Exercise directions: Filter the lines below, keeping each one that holds "with".

━━━

(* Let $f:T\to T'$ be a homomorphism of pre-trusses. If $P$ is a completely prime paragon in the pre-truss $\operatorname{im}f$, then $f^{-1}(P)$ is a completely prime paragon in $T$.
   Context: A heap is a set with a ternary operation $[-,-,-]$ satisfying $[a_1,a_2,[a_3,a_4,a_5]]=[[a_1,a_2,a_3],a_4,a_5]$ and $[a,a,b]=b=[b,a,a]$. A pre-truss is a heap with an associative multiplication; homomorphisms preserve both operations, and images are pre-trusses. A normal sub-heap is a non-empty subset $S$ closed under $[-,-,-]$ with $[[a,e,s],a,e]\in S$ for all $a$ and $e,s\in S$; $a\sim_S b$ iff $[a,b,s]\in S$ for some (equivalently all) $s\in S$. A sub-heap $S$ is closed if $[ts',ts,s]\in S$ and $[s't,st,s]\in S$ for all $s,s'\in S$, $t$. A paragon is a non-empty normal sub-heap $P$ all of whose $\sim_P$-classes are closed. An ideal is a normal sub-heap $I$ with $ti,it\in I$ for all $t$, $i\in I$. For $p\in P$, $a$ in the pre-truss, $P_p^a=\{[q,p,a]\mid q\in P\}$. A non-empty paragon $P$ of a pre-truss $X$ is completely prime if for all $p\in P$ and $a,b,c\in X$: $[ab,ac,p]\in P$ implies that $P_p^a$ is an ideal or $[b,c,p]\in P$; and $[ba,ca,p]\in P$ implies that $P_p^a$ is an ideal or $[b,c,p]\in P$. *)

From Stdlib Require Import ProofIrrelevance.

Set Implicit Arguments.

Record preTruss := PreTruss {
  car :> Type;
  tern : car -> car -> car -> car;
  mul : car -> car -> car;
  tern_assoc : forall a1 a2 a3 a4 a5,
      tern a1 a2 (tern a3 a4 a5) = tern (tern a1 a2 a3) a4 a5;
  tern_idl : forall a b, tern a a b = b;
  tern_idr : forall a b, tern b a a = b;
  mul_assoc : forall a b c, mul a (mul b c) = mul (mul a b) c
}.

Arguments tern {p}.
Arguments mul {p}.

Definition is_hom (T T' : preTruss) (f : T -> T') : Prop :=
  (forall a b c, f (tern a b c) = tern (f a) (f b) (f c)) /\
  (forall a b, f (mul a b) = mul (f a) (f b)).

Section Image.
Variables (T T' : preTruss) (f : T -> T') (hf : @is_hom T T' f).

Definition im_car := { y : T' | exists x, f x = y }.

Definition im_tern (u v w : im_car) : im_car.
Proof.
  refine (exist _ (tern (proj1_sig u) (proj1_sig v) (proj1_sig w)) _).
  destruct u as [y1 [x1 h1]], v as [y2 [x2 h2]], w as [y3 [x3 h3]]; simpl.
  exists (tern x1 x2 x3). rewrite (proj1 hf). subst. reflexivity.
Defined.

Definition im_mul (u v : im_car) : im_car.
Proof.
  refine (exist _ (mul (proj1_sig u) (proj1_sig v)) _).
  destruct u as [y1 [x1 h1]], v as [y2 [x2 h2]]; simpl.
  exists (mul x1 x2). rewrite (proj2 hf). subst. reflexivity.
Defined.

Lemma im_eq (u v : im_car) : proj1_sig u = proj1_sig v -> u = v.
Proof.
  destruct u as [y hy], v as [z hz]; simpl; intros e; subst.
  f_equal; apply proof_irrelevance.
Qed.

Lemma im_tern_assoc : forall a1 a2 a3 a4 a5,
  im_tern a1 a2 (im_tern a3 a4 a5) = im_tern (im_tern a1 a2 a3) a4 a5.
Proof. intros; apply im_eq; simpl; apply tern_assoc. Qed.

Lemma im_tern_idl : forall a b, im_tern a a b = b.
Proof. intros; apply im_eq; simpl; apply tern_idl. Qed.

Lemma im_tern_idr : forall a b, im_tern b a a = b.
Proof. intros; apply im_eq; simpl; apply tern_idr. Qed.

Lemma im_mul_assoc : forall a b c, im_mul a (im_mul b c) = im_mul (im_mul a b) c.
Proof. intros; apply im_eq; simpl; apply mul_assoc. Qed.

Definition im_truss : preTruss :=
  @PreTruss im_car im_tern im_mul im_tern_assoc im_tern_idl im_tern_idr im_mul_assoc.

Definition to_im (x : T) : im_truss := exist _ (f x) (ex_intro _ x eq_refl).

End Image.

Section Notions.
Variable X : preTruss.

Definition subheap (S : X -> Prop) : Prop :=
  forall a b c, S a -> S b -> S c -> S (tern a b c).

Definition normal_subheap (S : X -> Prop) : Prop :=
  (exists s, S s) /\ subheap S /\
  (forall a e s, S e -> S s -> S (tern (tern a e s) a e)).

Definition simS (S : X -> Prop) (a b : X) : Prop :=
  exists s, S s /\ S (tern a b s).

Definition closed_subheap (S : X -> Prop) : Prop :=
  subheap S /\
  forall s s' t, S s -> S s' ->
    S (tern (mul t s') (mul t s) s) /\ S (tern (mul s' t) (mul s t) s).

Definition paragon (P : X -> Prop) : Prop :=
  normal_subheap P /\ forall a, closed_subheap (simS P a).

Definition ideal (I : X -> Prop) : Prop :=
  normal_subheap I /\ forall t i, I i -> I (mul t i) /\ I (mul i t).

Definition Ppa (P : X -> Prop) (p a : X) : X -> Prop :=
  fun x => exists q, P q /\ x = tern q p a.

Definition completely_prime (P : X -> Prop) : Prop :=
  (exists p, P p) /\ paragon P /\
  forall p a b c, P p ->
    (P (tern (mul a b) (mul a c) p) -> ideal (Ppa P p a) \/ P (tern b c p)) /\
    (P (tern (mul b a) (mul c a) p) -> ideal (Ppa P p a) \/ P (tern b c p)).

End Notions.

Arguments subheap {X}. Arguments normal_subheap {X}. Arguments simS {X}.
Arguments closed_subheap {X}. Arguments paragon {X}. Arguments ideal {X}.
Arguments Ppa {X}. Arguments completely_prime {X}.

(* Every defining condition of a completely prime paragon is a closure property
   of the predicate written with the heap bracket and the multiplication, so it
   pulls back along a homomorphism g.  The existential parts (non-emptiness and
   the witness in [a ~_P b]) need g to be surjective, which is the case for the
   corestriction of f onto its image. *)
From Stdlib Require Import Setoid.

Set Implicit Arguments.
Unset Strict Implicit.

Section Extensionality.
Variables (X : preTruss) (S S' : X -> Prop).
Hypothesis SS' : forall x, S x <-> S' x.

Lemma subheap_ext : subheap S -> subheap S'.
Proof. intros H a b c. rewrite <- !SS'. apply H. Qed.

Lemma normal_subheap_ext : normal_subheap S -> normal_subheap S'.
Proof.
  intros [[s Hs] [Hsub Hnorm]]. split; [|split].
  - exists s. apply SS'. exact Hs.
  - exact (subheap_ext Hsub).
  - intros a e s0. rewrite <- !SS'. apply Hnorm.
Qed.

Lemma closed_subheap_ext : closed_subheap S -> closed_subheap S'.
Proof.
  intros [Hsub Hcl]. split.
  - exact (subheap_ext Hsub).
  - intros s s' t. rewrite <- !SS'. apply Hcl.
Qed.

Lemma ideal_ext : ideal S -> ideal S'.
Proof.
  intros [Hnorm Hid]. split.
  - exact (normal_subheap_ext Hnorm).
  - intros t i. rewrite <- !SS'. apply Hid.
Qed.

End Extensionality.

Lemma in_Ppa (X : preTruss) (S : X -> Prop) p a x : Ppa S p a x <-> S (tern x a p).
Proof.
  split.
  - intros [q [Hq ->]]. rewrite <- tern_assoc, tern_idl, tern_idr. exact Hq.
  - intros Hx. exists (tern x a p). split; [exact Hx|].
    rewrite <- tern_assoc, tern_idl, tern_idr. reflexivity.
Qed.

Section Preimage.
Variables (X Y : preTruss) (g : X -> Y).
Hypothesis g_hom : is_hom X Y g.
Hypothesis g_surj : forall y, exists x, g x = y.

Let g_tern := proj1 g_hom.
Let g_mul := proj2 g_hom.

Lemma subheap_preimage (S : Y -> Prop) : subheap S -> subheap (fun x => S (g x)).
Proof. intros H a b c Ha Hb Hc. rewrite g_tern. apply H; assumption. Qed.

Lemma normal_subheap_preimage (S : Y -> Prop) :
  normal_subheap S -> normal_subheap (fun x => S (g x)).
Proof.
  intros [[s Hs] [Hsub Hnorm]]. split; [|split].
  - destruct (g_surj s) as [x <-]. exists x. exact Hs.
  - exact (subheap_preimage Hsub).
  - intros a e s0 He Hs0. rewrite !g_tern. apply Hnorm; assumption.
Qed.

Lemma closed_subheap_preimage (S : Y -> Prop) :
  closed_subheap S -> closed_subheap (fun x => S (g x)).
Proof.
  intros [Hsub Hcl]. split.
  - exact (subheap_preimage Hsub).
  - intros s s' t Hs Hs'. rewrite !g_tern, !g_mul. apply Hcl; assumption.
Qed.

Lemma ideal_preimage (S : Y -> Prop) : ideal S -> ideal (fun x => S (g x)).
Proof.
  intros [Hnorm Hid]. split.
  - exact (normal_subheap_preimage Hnorm).
  - intros t i Hi. rewrite !g_mul. apply Hid; assumption.
Qed.

Lemma simS_preimage (S : Y -> Prop) a x :
  simS (fun x => S (g x)) a x <-> simS S (g a) (g x).
Proof.
  split.
  - intros [s [Hs Has]]. exists (g s). rewrite <- g_tern. split; assumption.
  - intros [s [Hs Has]]. destruct (g_surj s) as [s0 <-].
    exists s0. rewrite g_tern. split; assumption.
Qed.

Lemma Ppa_preimage (S : Y -> Prop) p a x :
  Ppa (fun x => S (g x)) p a x <-> Ppa S (g p) (g a) (g x).
Proof. rewrite !in_Ppa, g_tern. reflexivity. Qed.

Lemma paragon_preimage (P : Y -> Prop) : paragon P -> paragon (fun x => P (g x)).
Proof.
  intros [Hnorm Hcl]. split.
  - exact (normal_subheap_preimage Hnorm).
  - intros a. apply (closed_subheap_ext (fun x => iff_sym (simS_preimage P a x))).
    exact (closed_subheap_preimage (Hcl (g a))).
Qed.

Lemma ideal_Ppa_preimage (P : Y -> Prop) p a :
  ideal (Ppa P (g p) (g a)) -> ideal (Ppa (fun x => P (g x)) p a).
Proof.
  intros Hid. apply (ideal_ext (fun x => iff_sym (Ppa_preimage P p a x))).
  exact (ideal_preimage Hid).
Qed.

Lemma completely_prime_preimage (P : Y -> Prop) :
  completely_prime P -> completely_prime (fun x => P (g x)).
Proof.
  intros [[p Hp] [Hpar Hprime]]. split; [|split].
  - destruct (g_surj p) as [x <-]. exists x. exact Hp.
  - exact (paragon_preimage Hpar).
  - intros p0 a b c Hp0.
    destruct (Hprime (g p0) (g a) (g b) (g c) Hp0) as [Hleft Hright].
    split; intros Habc; rewrite !g_tern, !g_mul in Habc;
      [destruct (Hleft Habc) as [Hid | Hbc] | destruct (Hright Habc) as [Hid | Hbc]];
      solve [left; exact (ideal_Ppa_preimage Hid) | right; rewrite g_tern; exact Hbc].
Qed.

End Preimage.

Lemma to_im_hom (T T' : preTruss) (f : T -> T') (hf : is_hom T T' f) :
  is_hom T (im_truss hf) (to_im hf).
Proof.
  split; intros; apply im_eq; simpl; [apply (proj1 hf) | apply (proj2 hf)].
Qed.

Lemma to_im_surjective (T T' : preTruss) (f : T -> T') (hf : is_hom T T' f) :
  forall y : im_truss hf, exists x, to_im hf x = y.
Proof. intros [y [x Hx]]. exists x. apply im_eq. exact Hx. Qed.

Theorem lemma4p13 (T T' : preTruss) (f : T -> T') (hf : @is_hom T T' f)
  (P : im_truss hf -> Prop) :
  completely_prime P ->
  completely_prime (fun x : T => P (to_im hf x)).
Proof.
  apply completely_prime_preimage.
  - apply to_im_hom.
  - apply to_im_surjective.
Qed.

━━━

Written response:
   Context: A heap is a set with a ternary operation $[-,-,-]$ satisfying $[a_1,a_2,[a_3,a_4,a_5]]=[[a_1,a_2,a_3],a_4,a_5]$ and $[a,a,b]=b=[b,a,a]$. A pre-truss is a heap with an associative multiplication; homomorphisms preserve both operations, and images are pre-trusses. A normal sub-heap is a non-empty subset $S$ closed under $[-,-,-]$ with $[[a,e,s],a,e]\in S$ for all $a$ and $e,s\in S$; $a\sim_S b$ iff $[a,b,s]\in S$ for some (equivalently all) $s\in S$. A sub-heap $S$ is closed if $[ts',ts,s]\in S$ and $[s't,st,s]\in S$ for all $s,s'\in S$, $t$. A paragon is a non-empty normal sub-heap $P$ all of whose $\sim_P$-classes are closed. An ideal is a normal sub-heap $I$ with $ti,it\in I$ for all $t$, $i\in I$. For $p\in P$, $a$ in the pre-truss, $P_p^a=\{[q,p,a]\mid q\in P\}$. A non-empty paragon $P$ of a pre-truss $X$ is completely prime if for all $p\in P$ and $a,b,c\in X$: $[ab,ac,p]\in P$ implies that $P_p^a$ is an ideal or $[b,c,p]\in P$; and $[ba,ca,p]\in P$ implies that $P_p^a$ is an ideal or $[b,c,p]\in P$. *)
   of the predicate written with the heap bracket and the multiplication, so it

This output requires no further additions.